How to put and sort word in NSCountedSet in swift?

193 views Asked by At

I'm try to getting most duplicated word from string with this code.

let text = """
  aa bb aa bb aa bb cc dd dd cc zz zz cc dd zz
  """
  let words = text.unicodeScalars.split(omittingEmptySubsequences: true, whereSeparator: { !CharacterSet.alphanumerics.contains($0) })
  .map { String($0) }
  let wordSet = NSCountedSet(array: words)
  let sorted = wordSet.sorted { wordSet.count(for: $0) > wordSet.count(for: $1) }
print(sorted.prefix(3))

result is

[cc, dd, aa]

Currently, it put all words, even it is a single charcter.

What I'm going to do is,

  1. put a word to NSCountedSet which has more than one character.
  2. if words in NSCountedSet have same count, sort it alphabetically. (desired result is aa ,cc, dd)

And if it is possible..

  1. omit parts of speech from the string, such as 'and, a how,of,to,it,in on, who '....etc
1

There are 1 answers

4
ielyamani On

Let's consider this string:

let text = """
      She was young the way an actual young person is young.
      """

You could use a linguistic tagger :

import NaturalLanguage

let options = NSLinguisticTagger.Options.omitWhitespace.rawValue
let tagger = NSLinguisticTagger(tagSchemes: NSLinguisticTagger.availableTagSchemes(forLanguage: "en"), options: Int(options))

To count the multiplicity of each word I'll be using a dictionary:

var dict = [String : Int]()

Let's define the accepted linguistic tags (you change these to your liking) :

let acceptedtags: Set = ["Verb", "Noun", "Adjective"]

Now let's parse the string, using the linguistic tagger :

let range = NSRange(location: 0, length: text.utf16.count)
tagger.string = text

tagger.enumerateTags(
    in: range,
    scheme: .nameTypeOrLexicalClass,
    options: NSLinguisticTagger.Options(rawValue: options),
    using: { tag, tokenRange, sentenceRange, stop in
        guard let range = Range(tokenRange, in: text)
            else { return }

        let token = String(text[range]).lowercased()

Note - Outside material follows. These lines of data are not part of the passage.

(* Let $(\alpha_1,\alpha_2)\in\mathbb{C}^2$ and $p_1,p_2\in\mathbb{C}[u]\setminus\{0\}$, and let $\mathcal{A}=\mathcal{A}_{\alpha_1,\alpha_2}(p_1,p_2)$ and $\tilde{\mathcal{A}}=\tilde{\mathcal{A}}_{\alpha_1,\alpha_2}(p_1,p_2)$. The following are equivalent: (i) $\mathcal{A}\neq\{0\}$; (ii) the generator $H$ is algebraically independent over $\mathbb{C}$ in $\tilde{\mathcal{A}}$; (iii) $p_1(u+\alpha_2/2)\,p_2(u+\alpha_1/2)=p_1(u-\alpha_2/2)\,p_2(u-\alpha_1/2)$ in $\mathbb{C}[u]$.
   Context: $\tilde{\mathcal{A}}_{\alpha_1,\alpha_2}(p_1,p_2)$ is the associative $\mathbb{C}$-algebra generated by $H,X_1^\pm,X_2^\pm$ with relations, for $i=1,2$: $HX_i^\pm-X_i^\pm H=\pm\alpha_iX_i^\pm$, $X_i^+X_i^-=p_i(H-\alpha_i/2)$, $X_i^-X_i^+=p_i(H+\alpha_i/2)$, and $X_1^+X_2^-=X_2^-X_1^+$, $X_1^-X_2^+=X_2^+X_1^-$. $\mathcal{A}_{\alpha_1,\alpha_2}(p_1,p_2)=\tilde{\mathcal{A}}/\mathcal{I}$ where $\mathcal{I}$ is the ideal of all $a\in\tilde{\mathcal{A}}$ such that $f(H)a=0$ for some nonzero $f\in\mathbb{C}[u]$. *)

From mathcomp Require Import all_boot all_algebra.
From mathcomp Require Import Rstruct complex.
Set Implicit Arguments. Unset Strict Implicit. Unset Printing Implicit Defensive.
Import GRing.Theory.
Local Open Scope ring_scope.

Definition C : fieldType := (Rdefinitions.R)[i].

Inductive gen := GH | GX1p | GX1m | GX2p | GX2m.

(* Formal expressions of the free associative unital C-algebra on the
   generators: Cst c stands for c * 1.  Scalar multiplication c a is
   Mul (Cst c) a; subtraction a - b is Add a (Mul (Cst (-1)) b). *)
Inductive term :=
| Cst of C
| Gen of gen
| Add of term & term
| Mul of term & term.

Definition Sub (a b : term) : term := Add a (Mul (Cst (-1)) b).
Definition Scal (c : C) (a : term) : term := Mul (Cst c) a.

Definition peval (f : {poly C}) (t : term) : term :=
  foldr (fun c acc => Add (Cst c) (Mul acc t)) (Cst 0) (polyseq f).

Definition tH := Gen GH.
Definition tX1p := Gen GX1p.
Definition tX1m := Gen GX1m.
Definition tX2p := Gen GX2p.
Definition tX2m := Gen GX2m.

(* The quotient of [term] by [eqAt] is exactly the algebra presented by
   generators and relations. *)
Inductive eqAt (a1 a2 : C) (p1 p2 : {poly C}) : term -> term -> Prop :=
| eqA_refl t : eqAt a1 a2 p1 p2 t t
| eqA_sym t u : eqAt a1 a2 p1 p2 t u -> eqAt a1 a2 p1 p2 u t
| eqA_trans t u v : eqAt a1 a2 p1 p2 t u -> eqAt a1 a2 p1 p2 u v ->
    eqAt a1 a2 p1 p2 t v
| eqA_Add t t' u u' : eqAt a1 a2 p1 p2 t t' -> eqAt a1 a2 p1 p2 u u' ->
    eqAt a1 a2 p1 p2 (Add t u) (Add t' u')
| eqA_Mul t t' u u' : eqAt a1 a2 p1 p2 t t' -> eqAt a1 a2 p1 p2 u u' ->
    eqAt a1 a2 p1 p2 (Mul t u) (Mul t' u')
| eqA_AddA t u v : eqAt a1 a2 p1 p2 (Add t (Add u v)) (Add (Add t u) v)
| eqA_AddC t u : eqAt a1 a2 p1 p2 (Add t u) (Add u t)
| eqA_Add0 t : eqAt a1 a2 p1 p2 (Add (Cst 0) t) t
| eqA_MulA t u v : eqAt a1 a2 p1 p2 (Mul t (Mul u v)) (Mul (Mul t u) v)
| eqA_Mul1l t : eqAt a1 a2 p1 p2 (Mul (Cst 1) t) t
| eqA_Mul1r t : eqAt a1 a2 p1 p2 (Mul t (Cst 1)) t
| eqA_Mul0 t : eqAt a1 a2 p1 p2 (Mul (Cst 0) t) (Cst 0)
| eqA_MulDl t u v : eqAt a1 a2 p1 p2 (Mul (Add t u) v) (Add (Mul t v) (Mul u v))
| eqA_MulDr t u v : eqAt a1 a2 p1 p2 (Mul t (Add u v)) (Add (Mul t u) (Mul t v))
| eqA_CstD c d : eqAt a1 a2 p1 p2 (Cst (c + d)) (Add (Cst c) (Cst d))
| eqA_CstM c d : eqAt a1 a2 p1 p2 (Cst (c * d)) (Mul (Cst c) (Cst d))
| eqA_CstC c t : eqAt a1 a2 p1 p2 (Mul (Cst c) t) (Mul t (Cst c))
| eqA_HX1p : eqAt a1 a2 p1 p2 (Sub (Mul tH tX1p) (Mul tX1p tH)) (Scal a1 tX1p)
| eqA_HX1m : eqAt a1 a2 p1 p2 (Sub (Mul tH tX1m) (Mul tX1m tH)) (Scal (- a1) tX1m)
| eqA_HX2p : eqAt a1 a2 p1 p2 (Sub (Mul tH tX2p) (Mul tX2p tH)) (Scal a2 tX2p)
| eqA_HX2m : eqAt a1 a2 p1 p2 (Sub (Mul tH tX2m) (Mul tX2m tH)) (Scal (- a2) tX2m)
| eqA_X1pm : eqAt a1 a2 p1 p2 (Mul tX1p tX1m) (peval p1 (Sub tH (Cst (a1 / 2))))
| eqA_X1mp : eqAt a1 a2 p1 p2 (Mul tX1m tX1p) (peval p1 (Add tH (Cst (a1 / 2))))
| eqA_X2pm : eqAt a1 a2 p1 p2 (Mul tX2p tX2m) (peval p2 (Sub tH (Cst (a2 / 2))))
| eqA_X2mp : eqAt a1 a2 p1 p2 (Mul tX2m tX2p) (peval p2 (Add tH (Cst (a2 / 2))))
| eqA_X1pX2m : eqAt a1 a2 p1 p2 (Mul tX1p tX2m) (Mul tX2m tX1p)
| eqA_X1mX2p : eqAt a1 a2 p1 p2 (Mul tX1m tX2p) (Mul tX2p tX1m).

Definition in_idealI (a1 a2 : C) (p1 p2 : {poly C}) (a : term) : Prop :=
  exists f : {poly C}, f != 0 /\ eqAt a1 a2 p1 p2 (Mul (peval f tH) a) (Cst 0).

(* A = A~ / I is nonzero: some element of A~ is not in I. *)
Definition A_nonzero (a1 a2 : C) (p1 p2 : {poly C}) : Prop :=
  ~ (forall a : term, in_idealI a1 a2 p1 p2 a).

Definition H_alg_indep (a1 a2 : C) (p1 p2 : {poly C}) : Prop :=
  forall f : {poly C}, f != 0 -> ~ eqAt a1 a2 p1 p2 (peval f tH) (Cst 0).

Definition shiftp (q : {poly C}) (c : C) : {poly C} := q \Po ('X + c%:P).

(* For every generator X with [H, X] = a X we have f(H) X = X f(H + a).
   Pushing H through the word X1+ X2- X2+ X1- once via X1+ X2- = X2- X1+ and
   once via X1- X2+ = X2+ X1- evaluates it in two ways as a polynomial in H,
   and the two polynomials differ from the two sides of (iii) by the same
   shift; so (ii) forces (iii).  Conversely, under (iii) the algebra acts on
   C[u] with H acting by multiplication by u, X1+ and X2- by translations,
   and X1-, X2+ by translations followed by multiplication by translates of
   p1, p2; since f(H) acts on 1 by giving f, H is algebraically independent.
   Finally (i) and (ii) are equivalent because I is everything exactly when
   1 lies in I, i.e. when f(H) = 0 for some nonzero f. *)

From Stdlib Require Import Setoid Morphisms.
From Stdlib Require Ncring Ncring_tac.
From Pilot Require Import Defs.
From mathcomp Require Import all_boot all_algebra ring.
From mathcomp Require Import Rstruct complex.
Import GRing.Theory.
Local Open Scope ring_scope.

Section Shift.
Implicit Types (p q : {poly C}) (c d : C).

Lemma shiftpD p q c : shiftp (p + q) c = shiftp p c + shiftp q c.
Proof. exact: comp_polyD. Qed.

Lemma shiftpM p q c : shiftp (p * q) c = shiftp p c * shiftp q c.
Proof. exact: comp_polyM. Qed.

Lemma shiftpC d c : shiftp d%:P c = d%:P.
Proof. exact: comp_polyC. Qed.

Lemma shiftpX c : shiftp 'X c = 'X + c%:P.
Proof. exact: comp_polyX. Qed.

Lemma shiftp0 p : shiftp p 0 = p.
Proof. by rewrite /shiftp addr0 comp_polyXr. Qed.

Lemma shiftp_shiftp p c d : shiftp (shiftp p c) d = shiftp p (c + d).
Proof.
rewrite /shiftp -comp_polyA comp_polyD comp_polyX comp_polyC.
by rewrite -addrA -polyCD (addrC d).
Qed.

Lemma shiftp_inj c : injective (shiftp ^~ c).
Proof.
by apply: (can_inj (g := shiftp ^~ (- c))) => p; rewrite shiftp_shiftp subrr shiftp0.
Qed.

End Shift.

Definition shift_balanced (a1 a2 : C) (p1 p2 : {poly C}) : Prop :=
  shiftp p1 (a2 / 2) * shiftp p2 (a1 / 2)
  = shiftp p1 (- (a2 / 2)) * shiftp p2 (- (a1 / 2)).

Lemma shift_balancedE a1 a2 p1 p2 c : shift_balanced a1 a2 p1 p2 <->
  shiftp p1 (a2 / 2 + c) * shiftp p2 (a1 / 2 + c)
  = shiftp p1 (- (a2 / 2) + c) * shiftp p2 (- (a1 / 2) + c).
Proof.
rewrite -!shiftp_shiftp -!shiftpM; split => [-> // | /shiftp_inj //].
Qed.

Definition Opp (t : term) : term := Mul (Cst (-1)) t.

Section Presentation.
Variables (a1 a2 : C) (p1 p2 : {poly C}).
Local Notation E := (eqAt a1 a2 p1 p2).
Local Notation P f := (peval f tH).

#[local] Hint Resolve eqA_refl : core.

#[local] Instance E_equiv : Equivalence E.
Proof. split; [exact: eqA_refl | exact: eqA_sym | exact: eqA_trans]. Qed.

#[local] Instance Add_proper : Proper (E ==> E ==> E) Add.
Proof. by move=> ? ? h ? ? h'; apply: eqA_Add. Qed.

#[local] Instance Mul_proper : Proper (E ==> E ==> E) Mul.
Proof. by move=> ? ? h ? ? h'; apply: eqA_Mul. Qed.

#[local] Instance Sub_proper : Proper (E ==> E ==> E) Defs.Sub.
Proof. by move=> ? ? h ? ? h'; rewrite /Defs.Sub h h'. Qed.

#[local] Instance Opp_proper : Proper (E ==> E) Opp.
Proof. by move=> ? ? h; rewrite /Opp h. Qed.

Lemma addOpp t : E (Add t (Opp t)) (Cst 0).
Proof. by rewrite -{1}[t]eqA_Mul1l /Opp -eqA_MulDl -eqA_CstD subrr eqA_Mul0. Qed.

#[local] Instance term_ops : @Ncring.Ring_ops term (Cst 0) (Cst 1) Add Mul Defs.Sub Opp E := {}.

(* Every ring axiom except [t + (-t) = 0] is a constructor of [eqAt]. *)
#[local] Instance term_ring : @Ncring.Ring term _ _ _ _ _ _ _ term_ops.
Proof.
split; try exact _.
all: intros; cbv [Algebra_syntax.addition Algebra_syntax.multiplication
  Algebra_syntax.zero Algebra_syntax.one Algebra_syntax.subtraction
  Algebra_syntax.opposite Algebra_syntax.equality Ncring.add_notation
  Ncring.mul_notation Ncring.zero_notation Ncring.one_notation
  Ncring.sub_notation Ncring.opp_notation Ncring.eq_notation term_ops].
all: try solve [constructor].
exact: addOpp.
Qed.

Ltac nc := Ncring_tac.non_commutative_ring.

Lemma peval0 t : peval 0 t = Cst 0.
Proof. by rewrite /peval polyseq0. Qed.

Lemma peval_horner f c t :
  E (peval (f * 'X + c%:P) t) (Add (Cst c) (Mul (peval f t) t)).
Proof.
have [-> | f_neq0] := eqVneq f 0; last first.
  by rewrite -cons_poly_def /peval polyseq_cons nil_poly f_neq0.
rewrite mul0r add0r peval0 /peval polyseqC.
by case: eqVneq => [-> | _] /=; rewrite ?eqA_Mul0 ?eqA_Add0.
Qed.

Lemma pevalC c t : E (peval c%:P t) (Cst c).
Proof.
have -> : c%:P = 0 * 'X + c%:P by rewrite mul0r add0r.
by rewrite peval_horner peval0 eqA_Mul0 eqA_AddC eqA_Add0.
Qed.

Lemma pevalX t : E (peval 'X t) t.
Proof.
have -> : 'X = 1 * 'X + 0%:P :> {poly C} by rewrite mul1r addr0.
by rewrite peval_horner -polyC1 pevalC eqA_Mul1l eqA_Add0.
Qed.

Lemma pevalD f g t : E (peval (f + g) t) (Add (peval f t) (peval g t)).
Proof.
elim/poly_ind: f g => [|f c IH] g; first by rewrite add0r peval0 eqA_Add0.
elim/poly_ind: g => [|g d _]; first by rewrite addr0 peval0; nc.
have -> : f * 'X + c%:P + (g * 'X + d%:P) = (f + g) * 'X + (c + d)%:P.
  by rewrite polyCD mulrDl addrACA.
rewrite !peval_horner IH eqA_CstD; nc.
Qed.

Lemma pevalCM c g t : E (peval (c%:P * g) t) (Mul (Cst c) (peval g t)).
Proof.
elim/poly_ind: g => [|g d IH]; first by rewrite mulr0 peval0 -eqA_CstM mulr0.
have -> : c%:P * (g * 'X + d%:P) = (c%:P * g) * 'X + (c * d)%:P.
  by rewrite polyCM mulrDr mulrA.
rewrite !peval_horner IH eqA_CstM; nc.
Qed.

Lemma peval_intertwine x t t' f :
  E (Mul x t) (Mul t' x) -> E (Mul x (peval f t)) (Mul (peval f t') x).
Proof.
move=> xt; elim/poly_ind: f => [|f c IH]; first by rewrite !peval0 eqA_CstC.
rewrite !peval_horner.
transitivity (Add (Mul x (Cst c)) (Mul (Mul x (peval f t)) t)); first nc.
rewrite -eqA_CstC IH.
transitivity (Add (Mul (Cst c) x) (Mul (peval f t') (Mul x t))); first nc.
rewrite xt; nc.
Qed.

Lemma pevalM f g t : E (peval (f * g) t) (Mul (peval f t) (peval g t)).
Proof.
elim/poly_ind: f g => [|f c IH] g; first by rewrite mul0r peval0 eqA_Mul0.
have -> : (f * 'X + c%:P) * g = ((f * g) * 'X + 0%:P) + c%:P * g.
  by rewrite addr0 mulrDl mulrAC.
rewrite pevalD peval_horner pevalCM IH peval_horner.
transitivity (Add (Mul (Cst c) (peval g t)) (Mul (peval f t) (Mul (peval g t) t))).
  nc.
rewrite -(@peval_intertwine t t t g) //; nc.
Qed.

#[local] Instance peval_proper f : Proper (E ==> E) (peval f).
Proof.
move=> t t' tt'; elim/poly_ind: f => [|f c IH]; first by rewrite !peval0.
by rewrite !peval_horner IH tt'.
Qed.

Lemma peval_comp f q t : E (peval (f \Po q) t) (peval f (peval q t)).
Proof.
elim/poly_ind: f => [|f c IH]; first by rewrite comp_poly0 !peval0.
rewrite comp_polyD comp_polyM comp_polyX comp_polyC pevalD pevalM pevalC IH.
rewrite peval_horner; nc.
Qed.

Lemma peval_shiftp f c t : E (peval (shiftp f c) t) (peval f (Add t (Cst c))).
Proof. by rewrite /shiftp peval_comp pevalD pevalX pevalC. Qed.

Lemma mul_peval_eigen x a f :
  E (Defs.Sub (Mul tH x) (Mul x tH)) (Scal a x) ->
  E (Mul x (P f)) (Mul (P (shiftp f (- a))) x).
Proof.
move=> Hx; rewrite peval_shiftp; apply: peval_intertwine.
have -> : E (Mul (Add tH (Cst (- a))) x) (Add (Mul tH x) (Opp (Scal a x))).
  by rewrite -mulN1r eqA_CstM /Opp /Scal; nc.
by rewrite -Hx; nc.
Qed.

Lemma word_two_ways :
  E (P (shiftp p2 (a2 / 2 - a1) * shiftp p1 (- (a1 / 2))))
    (P (shiftp p1 (- (a1 / 2) + a2) * shiftp p2 (a2 / 2))).
Proof.
have X1pm : E (Mul tX1p tX1m) (P (shiftp p1 (- (a1 / 2)))).
  by rewrite eqA_X1pm peval_shiftp /Defs.Sub -eqA_CstM mulN1r.
have X2mp : E (Mul tX2m tX2p) (P (shiftp p2 (a2 / 2))).
  by rewrite eqA_X2mp peval_shiftp.
have X1p_P f : E (Mul tX1p (P f)) (Mul (P (shiftp f (- a1))) tX1p).
  exact: mul_peval_eigen _ _ f (eqA_HX1p _ _ _ _).
have X2m_P f : E (Mul tX2m (P f)) (Mul (P (shiftp f a2)) tX2m).
  by have := mul_peval_eigen _ _ f (eqA_HX2m _ _ _ _); rewrite opprK.
rewrite !pevalM -!shiftp_shiftp.
transitivity (Mul (Mul tX1p tX2m) (Mul tX2p tX1m)); first symmetry.
- transitivity (Mul (Mul tX1p (Mul tX2m tX2p)) tX1m); first nc.
  rewrite X2mp X1p_P.
  transitivity (Mul (P (shiftp (shiftp p2 (a2 / 2)) (- a1))) (Mul tX1p tX1m)).
    nc.
  by rewrite X1pm.
- rewrite eqA_X1pX2m -eqA_X1mX2p.
  transitivity (Mul (Mul tX2m (Mul tX1p tX1m)) tX2p); first nc.
  rewrite X1pm X2m_P.
  transitivity (Mul (P (shiftp (shiftp p1 (- (a1 / 2))) a2)) (Mul tX2m tX2p)).
    nc.
  by rewrite X2mp.
Qed.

        if let tagValue = tag?.rawValue,
            acceptedtags.contains(tagValue)
        {
            dict[token, default: 0] += 1
        }

        // print(String(describing: tag) + ": \(token)")
})

Now the dict has the desired words with their multiplicity

print("dict =", dict)

As you can see a Dictionary is an unoreded collection. Now let's introduce some law and order:

let ordered = dict.sorted {
    ($0.value, $1.key) > ($1.value, $0.key)
}

Now let's get the keys only:

let mostFrequent = ordered.map { $0.key }

and print the three most frequent words :

print("top three =", mostFrequent.prefix(3))

To get the topmost frequent words, it would be more efficient to use a Heap (or a Trie) data structure, instead of having to hash every word, sort them all by frequency, and then prefixing. It should be a fun exercise .